Konstadoulakis M M, Vezeridis M, Hatziyianni E, Karakousis C P, Cole B, Bland K I, Wanebo H J
Department of Surgery, Brown University School of Medicine, Center for Statistical Science, Providence, Rhode Island, USA.
Ann Surg Oncol. 1998 Apr-May;5(3):253-60. doi: 10.1007/BF02303782.
Oncogenes and other molecular tumor markers that predict tumor aggressiveness may allow individualization and optimization of surgical therapy of intermediate-thickness malignant melanoma. We examined the expression of selected markers, including the HLA-DR antigen, the heat shock protein-70 (HSP-70), and the c-myc oncogene in primary melanoma and regional nodes and related these findings to metastatic potential and survival.
Forty patients with primary melanoma (1.5-4.0 mm) were studied, all of whom had prophylactic lymph node dissection and were followed for 18 months to 7 years. The primary tissue and nodes were examined using immunohistochemical techniques for the presence of HLA-DR antigen and HSP-70 protein and the expression of the c-myc oncogene.
Of 40 patients, there were 23 with lesions 1 to 2.9 mm thick and 17 with lesions 3 to 4 mm thick. Nodal metastases were present in 25 of the 40 patients who had elective node dissection. HLA-DR antibody stained the primary tumor in 10 patients (25%), but there was no correlation with survival in this group. HLA-DR antibody stained the stroma and cellular infiltrates surrounding the primary tumor in 28 of 40 patients; in this group there was a correlation of HLA-DR staining of the peritumoral stroma with improved survival overall. HLA-DR staining of the peritumoral stroma also influenced survival when patients were stratified by tumor thickness groups 1 to 2.9 mm and 3 to 4 mm and presence of nodal metastases. HSP-70 was demonstrated in the primary tumor in 25% of patients, who were also shown to have significantly improved survival when compared with those whose primary tumor did not stain with HSP-70. C-myc was expressed in the primary tumor in 25%, but showed no correlation with survival. None of these proteins correlated with or predicted the presence of nodal metastases.
We conclude that the use of specific molecular-oncogene markers in intermediate-thickness primary melanoma may identify patients at high risk for conventional treatment failure and reduced survival who may profit from more aggressive surgery, adjuvant therapy, or both.
癌基因及其他预测肿瘤侵袭性的分子肿瘤标志物可能有助于实现中间厚度恶性黑色素瘤手术治疗的个体化及优化。我们检测了包括HLA-DR抗原、热休克蛋白-70(HSP-70)以及c-myc癌基因在内的特定标志物在原发性黑色素瘤及区域淋巴结中的表达情况,并将这些结果与转移潜能及生存率相关联。
对40例原发性黑色素瘤(厚度为1.5 - 4.0 mm)患者进行研究,所有患者均接受了预防性淋巴结清扫,并随访18个月至7年。采用免疫组化技术检测原发组织及淋巴结中HLA-DR抗原的存在情况、HSP-70蛋白的表达情况以及c-myc癌基因的表达情况。

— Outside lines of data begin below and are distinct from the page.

(* Let $\varepsilon,\beta>0$, let $u_{\varepsilon,\beta,0}\in C^\infty(\mathbb{R})$ satisfy, with $C_0$ independent of $\varepsilon,\beta$, $$\|u_{\varepsilon,\beta,0}\|^2_{L^2}+\|u_{\varepsilon,\beta,0}\|^4_{L^4}+(\beta+\varepsilon^2)\|\partial_x u_{\varepsilon,\beta,0}\|^2_{L^2}\le C_0,\quad (\beta\varepsilon+\beta\varepsilon^2+\beta^2)\|\partial_{xx}^2 u_{\varepsilon,\beta,0}\|^2_{L^2}+(\beta^2\varepsilon^2+\beta^3)\|\partial_{xxx}^3 u_{\varepsilon,\beta,0}\|^2_{L^2}\le C_0,\quad \beta^4\|\partial_{xxxx}^4 u_{\varepsilon,\beta,0}\|^2_{L^2}\le C_0,$$ and let $u_{\varepsilon,\beta}$ be the smooth solution of $$\partial_t u_{\varepsilon,\beta}+\partial_x u_{\varepsilon,\beta}^2+\beta\partial_{xxx}^3u_{\varepsilon,\beta}-\beta\partial_{txx}^3u_{\varepsilon,\beta}+\beta^2\partial_{txxxx}^5u_{\varepsilon,\beta}=\varepsilon\partial_{xx}^2u_{\varepsilon,\beta},\qquad u_{\varepsilon,\beta}(0,\cdot)=u_{\varepsilon,\beta,0}.$$ Then for each $t>0$, $$\|u_{\varepsilon,\beta}(t,\cdot)\|^2_{L^2(\mathbb{R})}+\beta\|\partial_x u_{\varepsilon,\beta}(t,\cdot)\|^2_{L^2(\mathbb{R})}+\beta^2\|\partial_{xx}^2 u_{\varepsilon,\beta}(t,\cdot)\|^2_{L^2(\mathbb{R})}+2\varepsilon\int_0^t\|\partial_x u_{\varepsilon,\beta}(s,\cdot)\|^2_{L^2(\mathbb{R})}ds\le C_0,$$ and in particular $$\|u_{\varepsilon,\beta}(t,\cdot)\|_{L^\infty(\mathbb{R})}\le C_0\beta^{-1/4},\qquad \|\partial_x u_{\varepsilon,\beta}(t,\cdot)\|_{L^\infty(\mathbb{R})}\le C_0\beta^{-3/4},$$ where $C_0$ denotes constants depending only on the initial data (not on $\varepsilon,\beta,t$).
   Context: Solutions are smooth and decay, together with their derivatives, as $|x|\to\infty$. *)

From Stdlib Require Import Reals List.
From Coquelicot Require Import Coquelicot.
Open Scope R_scope.
(* Let $n,m,n_f,\ell\in\mathbb{N}$, let $w>1$ be a number representable with $n$ bits of which the first $m$ are its integer part, let $F\in[0,1]$, and let $f\in[0,1]$ be given with $n_f$ bits after the binary point such that $|F-f|\leq 2^{-n_f}$. Then the value $\hat{z}$ returned by Algorithm FractionalPower$(w,f,n,m,n_f,\ell)$ (described in the context) satisfies $$|\hat{z}-w^F|\leq\left(\frac12\right)^{\ell-1}+\frac{w\ln w}{2^{n_f}}.$$
   Context: Fixed precision representation: a number $w\ge 0$ ''given by $n$ bits of which the first $m$ correspond to its integer part'' means $w=\sum_{j=m-n}^{m-1} w^{(j)}2^j$ with $w^{(j)}\in\{0,1\}$. For $x\geq 0$, ''truncating $x$ to $b$ bits after the binary point'' means replacing $x$ by $\lfloor 2^b x\rfloor/2^b$. All arithmetic inside a step is performed exactly; only the stated truncations introduce error. Algorithm SQRT$(w,n,m,b)$ (input $w\geq 1$): if $w=1$, return $1$. Otherwise: let $p\in\mathbb{N}$ with $2^{p}>w\geq 2^{p-1}$ and set $\hat{x}_0=2^{-p}$; let $s=\lceil\log_2 b\rceil$; for $i=1,\dots,s$ compute exactly $x_i=-w\hat{x}_{i-1}^2+2\hat{x}_{i-1}$ and let $\hat{x}_i$ be $x_i$ truncated to $b$ bits. Then let $q\in\mathbb{N}$ with $2^{1-q}>\hat{x}_s\geq 2^{-q}$ and set $\hat{y}_0=2^{\lfloor (q-1)/2\rfloor}$; for $j=1,\dots,s$ compute exactly $y_j=\frac12(3\hat{y}_{j-1}-\hat{x}_s\hat{y}_{j-1}^3)$ and let $\hat{y}_j$ be $y_j$ truncated to $b$ bits. Return $\hat{y}_s$. Algorithm PowerOf2Roots$(w,k,n,m,b)$: set $\hat{z}_1=$ SQRT$(w,n,m,b)$; for $i=2,\dots,k$ set $\hat{z}_i=$ SQRT$(\hat{z}_{i-1},m+b,m,b)$. Return $\hat{z}_1,\dots,\hat{z}_k$. Algorithm FractionalPower$(w,f,n,m,n_f,\ell)$ (input $w\geq1$, $f=\sum_{i=1}^{n_f}f_i2^{-i}$ or $f=1$, bits $f_i\in\{0,1\}$): set $b=\max\{n,n_f,\lceil 5(\ell+2m+\ln n_f)\rceil,40\}$. If $f=1$ return $w$; if $f=0$ return $1$. Let $\hat{w}_1,\dots,\hat{w}_{n_f}$ be the outputs of PowerOf2Roots$(w,n_f,n,m,b)$. Set $\hat{z}=1$; for $i=1,\dots,n_f$, if $f_i=1$ replace $\hat{z}$ by $\hat{z}\hat{w}_i$ truncated to $b$ bits after the binary point. Return $\hat{z}$. *)

From Stdlib Require Import Reals ZArith Arith.
Open Scope R_scope.

Definition floorR (x : R) : Z := (up x - 1)%Z.
Definition ceilR (x : R) : Z := (- floorR (- x))%Z.

Definition trunc (b : nat) (x : R) : R := IZR (floorR (2 ^ b * x)) / 2 ^ b.

Definition flog2 (x : R) : Z := floorR (ln x / ln 2).

(* Newton iteration for 1/w : x_i = -w xhat_{i-1}^2 + 2 xhat_{i-1}, then truncate *)
Fixpoint inv_iter (b : nat) (w x0 : R) (k : nat) : R :=
  match k with
  | O => x0
  | S k' => let xh := inv_iter b w x0 k' in trunc b (- w * xh ^ 2 + 2 * xh)
  end.

(* Newton iteration for 1/sqrt(x) : y_j = (3 yhat_{j-1} - x yhat_{j-1}^3)/2, then truncate *)
Fixpoint isqrt_iter (b : nat) (x y0 : R) (k : nat) : R :=
  match k with
  | O => y0
  | S k' => let yh := isqrt_iter b x y0 k' in trunc b ((3 * yh - x * yh ^ 3) / 2)
  end.

(* Algorithm SQRT(w,n,m,b); the parameters n, m only describe the input format
   and do not influence the computation. *)
Definition SQRT (b : nat) (w : R) : R :=
  if Req_EM_T w 1 then 1 else
  let p : nat := (Z.to_nat (flog2 w) + 1)%nat in
  let s : nat := Nat.log2_up b in
  let xs := inv_iter b w (/ 2 ^ p) s in
  let q : Z := (- flog2 xs)%Z in
  let y0 := powerRZ 2 (Z.div (q - 1) 2) in
  isqrt_iter b xs y0 s.

Definition pow2root (b : nat) (w : R) (i : nat) : R := Nat.iter i (SQRT b) w.

(* i-th bit after the binary point of f (for f in [0,1)) *)
Definition fbit (f : R) (i : nat) : bool := Z.odd (floorR (2 ^ i * f)).

Fixpoint frac_loop (b : nat) (w f : R) (i : nat) : R :=
  match i with
  | O => 1
  | S i' => let z := frac_loop b w f i' in
            if fbit f (S i') then trunc b (z * pow2root b w (S i')) else z
  end.

Definition fp_b (n m nf l : nat) : nat :=
  Nat.max (Nat.max n nf)
    (Nat.max (Z.to_nat (ceilR (5 * (INR l + 2 * INR m + ln (INR nf))))) 40).

Definition FractionalPower (w f : R) (n m nf l : nat) : R :=
  let b := fp_b n m nf l in
  if Req_EM_T f 1 then w else
  if Req_EM_T f 0 then 1 else
  frac_loop b w f nf.

Fixpoint bitsum (bits : nat -> bool) (e : Z) (k : nat) : R :=
  match k with
  | O => 0
  | S k' => bitsum bits e k' + (if bits k' then powerRZ 2 (e + Z.of_nat k') else 0)
  end.

(* w is given by n bits of which the first m are its integer part:
   w = sum_{j=m-n}^{m-1} w^(j) 2^j *)
Definition fixed_repr (n m : nat) (w : R) : Prop :=
  exists bits : nat -> bool, w = bitsum bits (Z.of_nat m - Z.of_nat n) n.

40例患者中,23例病变厚度为1至2.9 mm,17例病变厚度为3至4 mm。在40例行选择性淋巴结清扫的患者中,25例出现了淋巴结转移。HLA-DR抗体在10例患者(25%)的原发性肿瘤中呈阳性染色,但该组中其与生存率无相关性。HLA-DR抗体在40例患者中的28例原发性肿瘤周围的基质及细胞浸润中呈阳性染色;在该组中,肿瘤周围基质的HLA-DR染色与总体生存率的提高相关。当根据肿瘤厚度分组(1至2.9 mm和3至4 mm)及有无淋巴结转移对患者进行分层时,肿瘤周围基质的HLA-DR染色也影响生存率。25%的患者原发性肿瘤中检测到HSP-70,与原发性肿瘤未被HSP-70染色的患者相比,这些患者的生存率也显著提高。25%的患者原发性肿瘤中表达c-myc,但与生存率无关。这些蛋白均与淋巴结转移的存在无相关性或不能预测淋巴结转移情况。
我们得出结论,在中间厚度原发性黑色素瘤中使用特定的分子癌基因标志物可能识别出那些常规治疗失败风险高且生存率降低的患者,这些患者可能从更积极的手术、辅助治疗或两者结合中获益。